§ Task item: When you reach the line with "Section KempeFunctional." in the data below, begin printing lines exactly, and stop once the line with "Lemma kempe_monomialsP m" has been printed.

** Opening Task data block **

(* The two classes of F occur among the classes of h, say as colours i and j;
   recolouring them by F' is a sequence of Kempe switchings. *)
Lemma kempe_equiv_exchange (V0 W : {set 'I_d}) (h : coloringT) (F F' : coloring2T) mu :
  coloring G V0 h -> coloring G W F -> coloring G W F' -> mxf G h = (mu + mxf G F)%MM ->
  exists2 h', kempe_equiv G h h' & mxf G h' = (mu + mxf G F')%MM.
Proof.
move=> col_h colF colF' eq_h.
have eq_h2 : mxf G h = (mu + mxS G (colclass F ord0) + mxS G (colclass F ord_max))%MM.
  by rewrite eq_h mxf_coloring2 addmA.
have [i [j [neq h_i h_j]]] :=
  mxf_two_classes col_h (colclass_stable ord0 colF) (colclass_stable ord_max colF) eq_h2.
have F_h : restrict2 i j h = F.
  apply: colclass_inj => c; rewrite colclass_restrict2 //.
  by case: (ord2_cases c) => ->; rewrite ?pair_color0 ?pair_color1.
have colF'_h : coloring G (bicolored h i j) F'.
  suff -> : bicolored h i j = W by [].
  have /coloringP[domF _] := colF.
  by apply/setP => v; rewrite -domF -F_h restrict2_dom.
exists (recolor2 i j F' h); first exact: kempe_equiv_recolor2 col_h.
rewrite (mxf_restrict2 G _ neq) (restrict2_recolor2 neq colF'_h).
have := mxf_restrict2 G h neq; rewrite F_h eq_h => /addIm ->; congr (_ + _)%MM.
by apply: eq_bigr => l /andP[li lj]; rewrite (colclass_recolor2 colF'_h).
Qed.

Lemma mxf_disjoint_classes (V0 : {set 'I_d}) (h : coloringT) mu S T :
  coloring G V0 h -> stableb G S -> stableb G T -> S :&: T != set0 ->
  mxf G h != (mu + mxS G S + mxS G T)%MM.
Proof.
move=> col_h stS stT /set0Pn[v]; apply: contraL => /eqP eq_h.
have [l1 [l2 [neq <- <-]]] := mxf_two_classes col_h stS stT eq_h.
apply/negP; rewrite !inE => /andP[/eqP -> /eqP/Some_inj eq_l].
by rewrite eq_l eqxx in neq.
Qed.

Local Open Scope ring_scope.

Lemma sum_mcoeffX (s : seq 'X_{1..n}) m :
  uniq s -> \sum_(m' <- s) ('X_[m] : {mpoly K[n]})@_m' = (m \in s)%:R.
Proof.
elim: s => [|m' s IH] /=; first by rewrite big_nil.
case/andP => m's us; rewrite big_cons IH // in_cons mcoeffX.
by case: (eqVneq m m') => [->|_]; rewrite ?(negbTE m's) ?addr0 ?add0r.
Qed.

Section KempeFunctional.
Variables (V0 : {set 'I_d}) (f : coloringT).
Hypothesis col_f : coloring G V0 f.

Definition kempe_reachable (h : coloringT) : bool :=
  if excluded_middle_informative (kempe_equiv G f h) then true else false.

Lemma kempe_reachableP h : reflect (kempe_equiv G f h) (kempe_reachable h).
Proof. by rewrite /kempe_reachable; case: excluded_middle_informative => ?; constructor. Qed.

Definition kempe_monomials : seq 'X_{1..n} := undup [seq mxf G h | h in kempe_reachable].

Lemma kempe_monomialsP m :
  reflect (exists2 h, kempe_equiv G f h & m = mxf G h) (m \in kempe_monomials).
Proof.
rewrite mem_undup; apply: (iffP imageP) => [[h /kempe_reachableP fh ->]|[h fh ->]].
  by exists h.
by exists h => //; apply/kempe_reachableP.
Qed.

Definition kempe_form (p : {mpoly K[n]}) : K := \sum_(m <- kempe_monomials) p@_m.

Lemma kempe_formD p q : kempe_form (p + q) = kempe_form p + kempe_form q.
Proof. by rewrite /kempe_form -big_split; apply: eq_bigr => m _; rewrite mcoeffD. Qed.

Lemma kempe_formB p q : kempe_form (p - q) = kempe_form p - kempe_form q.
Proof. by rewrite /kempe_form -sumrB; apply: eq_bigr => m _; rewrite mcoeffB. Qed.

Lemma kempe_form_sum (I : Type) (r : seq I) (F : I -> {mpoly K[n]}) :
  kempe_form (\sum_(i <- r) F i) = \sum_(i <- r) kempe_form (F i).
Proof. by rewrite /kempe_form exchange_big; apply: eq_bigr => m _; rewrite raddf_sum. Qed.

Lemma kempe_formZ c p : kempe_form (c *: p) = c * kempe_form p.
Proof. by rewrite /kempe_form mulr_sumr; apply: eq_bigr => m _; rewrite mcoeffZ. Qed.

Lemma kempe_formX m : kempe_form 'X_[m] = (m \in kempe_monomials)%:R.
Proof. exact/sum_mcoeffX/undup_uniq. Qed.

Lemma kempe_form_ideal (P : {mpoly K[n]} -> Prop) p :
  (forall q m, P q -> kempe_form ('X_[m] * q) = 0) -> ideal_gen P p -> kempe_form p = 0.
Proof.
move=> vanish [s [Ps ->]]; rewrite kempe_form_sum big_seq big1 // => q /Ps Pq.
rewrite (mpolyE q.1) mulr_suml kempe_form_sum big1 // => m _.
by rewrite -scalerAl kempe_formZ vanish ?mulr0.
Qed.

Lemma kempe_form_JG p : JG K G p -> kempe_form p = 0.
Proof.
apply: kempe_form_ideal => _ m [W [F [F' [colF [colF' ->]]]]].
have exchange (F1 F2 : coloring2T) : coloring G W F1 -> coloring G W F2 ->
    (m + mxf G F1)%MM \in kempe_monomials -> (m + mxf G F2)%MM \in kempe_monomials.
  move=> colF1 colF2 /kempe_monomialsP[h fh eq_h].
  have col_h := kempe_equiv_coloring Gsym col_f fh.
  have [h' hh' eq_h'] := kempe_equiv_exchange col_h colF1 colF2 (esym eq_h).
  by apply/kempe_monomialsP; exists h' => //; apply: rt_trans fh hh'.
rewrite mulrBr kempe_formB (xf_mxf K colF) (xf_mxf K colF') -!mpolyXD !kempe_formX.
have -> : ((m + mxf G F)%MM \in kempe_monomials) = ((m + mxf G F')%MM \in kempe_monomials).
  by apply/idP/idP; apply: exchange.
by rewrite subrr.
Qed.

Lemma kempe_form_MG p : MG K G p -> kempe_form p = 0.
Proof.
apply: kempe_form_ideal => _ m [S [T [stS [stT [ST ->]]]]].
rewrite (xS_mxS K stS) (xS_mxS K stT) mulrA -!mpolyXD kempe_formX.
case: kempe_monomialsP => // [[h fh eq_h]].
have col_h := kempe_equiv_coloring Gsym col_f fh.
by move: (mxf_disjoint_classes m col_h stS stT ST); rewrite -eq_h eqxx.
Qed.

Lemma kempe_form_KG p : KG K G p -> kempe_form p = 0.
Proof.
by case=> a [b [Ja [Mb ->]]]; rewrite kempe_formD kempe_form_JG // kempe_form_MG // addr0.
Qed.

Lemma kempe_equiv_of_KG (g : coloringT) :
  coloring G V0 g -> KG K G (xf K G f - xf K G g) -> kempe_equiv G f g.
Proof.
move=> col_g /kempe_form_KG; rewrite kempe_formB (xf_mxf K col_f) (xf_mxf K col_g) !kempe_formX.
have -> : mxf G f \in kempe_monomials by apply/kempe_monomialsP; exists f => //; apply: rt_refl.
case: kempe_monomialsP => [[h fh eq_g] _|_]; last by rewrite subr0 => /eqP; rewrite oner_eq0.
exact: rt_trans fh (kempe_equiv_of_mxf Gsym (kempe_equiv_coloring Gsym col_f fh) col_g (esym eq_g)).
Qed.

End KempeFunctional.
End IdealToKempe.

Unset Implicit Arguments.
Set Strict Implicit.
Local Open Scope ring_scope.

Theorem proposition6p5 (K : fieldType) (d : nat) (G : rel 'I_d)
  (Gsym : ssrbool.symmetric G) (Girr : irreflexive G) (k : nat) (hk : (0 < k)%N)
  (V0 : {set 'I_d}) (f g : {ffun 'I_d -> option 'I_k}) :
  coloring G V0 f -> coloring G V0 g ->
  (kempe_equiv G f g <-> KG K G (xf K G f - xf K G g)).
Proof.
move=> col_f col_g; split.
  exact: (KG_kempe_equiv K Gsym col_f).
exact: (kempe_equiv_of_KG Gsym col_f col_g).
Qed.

** Closing Task data block **
** Opening Task data block **

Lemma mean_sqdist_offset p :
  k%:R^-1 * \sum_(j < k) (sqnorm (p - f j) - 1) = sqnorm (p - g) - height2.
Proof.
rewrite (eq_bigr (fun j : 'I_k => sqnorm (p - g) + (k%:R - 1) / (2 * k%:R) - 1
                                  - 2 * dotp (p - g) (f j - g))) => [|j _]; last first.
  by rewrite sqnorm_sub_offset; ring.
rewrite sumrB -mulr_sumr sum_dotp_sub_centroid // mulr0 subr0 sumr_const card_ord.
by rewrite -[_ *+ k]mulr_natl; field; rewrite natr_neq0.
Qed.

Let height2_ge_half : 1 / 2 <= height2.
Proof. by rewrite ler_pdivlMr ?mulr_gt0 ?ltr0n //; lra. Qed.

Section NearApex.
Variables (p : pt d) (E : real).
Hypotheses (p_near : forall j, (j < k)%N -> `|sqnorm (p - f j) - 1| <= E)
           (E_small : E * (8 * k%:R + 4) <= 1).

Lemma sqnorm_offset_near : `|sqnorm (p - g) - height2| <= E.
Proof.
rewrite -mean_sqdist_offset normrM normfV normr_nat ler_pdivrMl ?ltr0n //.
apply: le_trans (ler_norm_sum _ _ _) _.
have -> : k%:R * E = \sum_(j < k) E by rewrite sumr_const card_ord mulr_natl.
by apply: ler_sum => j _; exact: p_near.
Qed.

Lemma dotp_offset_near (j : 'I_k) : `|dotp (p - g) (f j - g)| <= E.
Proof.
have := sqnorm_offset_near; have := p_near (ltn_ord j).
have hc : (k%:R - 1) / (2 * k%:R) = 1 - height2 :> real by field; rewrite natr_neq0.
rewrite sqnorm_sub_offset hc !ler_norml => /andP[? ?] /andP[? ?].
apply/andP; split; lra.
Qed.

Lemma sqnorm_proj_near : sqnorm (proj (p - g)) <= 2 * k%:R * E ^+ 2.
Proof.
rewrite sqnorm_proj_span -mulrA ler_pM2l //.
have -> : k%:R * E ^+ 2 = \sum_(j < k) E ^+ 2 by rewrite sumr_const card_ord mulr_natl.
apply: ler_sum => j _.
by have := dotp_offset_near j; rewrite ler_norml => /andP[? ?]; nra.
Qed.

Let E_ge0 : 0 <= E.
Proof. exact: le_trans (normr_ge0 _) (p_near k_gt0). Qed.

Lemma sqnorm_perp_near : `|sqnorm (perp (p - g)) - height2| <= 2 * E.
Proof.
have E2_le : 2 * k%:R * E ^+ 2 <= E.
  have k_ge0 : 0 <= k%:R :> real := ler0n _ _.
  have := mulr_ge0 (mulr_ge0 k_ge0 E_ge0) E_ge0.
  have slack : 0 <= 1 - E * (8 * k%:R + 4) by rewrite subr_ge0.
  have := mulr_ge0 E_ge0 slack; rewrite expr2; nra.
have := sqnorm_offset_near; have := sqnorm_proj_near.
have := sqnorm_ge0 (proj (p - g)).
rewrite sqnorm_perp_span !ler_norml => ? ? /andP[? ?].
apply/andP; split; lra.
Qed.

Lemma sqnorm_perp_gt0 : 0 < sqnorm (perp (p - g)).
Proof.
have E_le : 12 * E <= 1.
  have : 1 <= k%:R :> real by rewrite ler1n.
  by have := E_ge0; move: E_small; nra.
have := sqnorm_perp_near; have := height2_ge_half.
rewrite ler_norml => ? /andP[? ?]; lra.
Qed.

** Closing Task data block **

§ Exercise solution:
Section KempeFunctional.
Variables (V0 : {set 'I_d}) (f : coloringT).
Hypothesis col_f : coloring G V0 f.

Definition kempe_reachable (h : coloringT) : bool :=
  if excluded_middle_informative (kempe_equiv G f h) then true else false.

Lemma kempe_reachableP h : reflect (kempe_equiv G f h) (kempe_reachable h).
Proof. by rewrite /kempe_reachable; case: excluded_middle_informative => ?; constructor. Qed.

Definition kempe_monomials : seq 'X_{1..n} := undup [seq mxf G h | h in kempe_reachable].

Lemma kempe_monomialsP m :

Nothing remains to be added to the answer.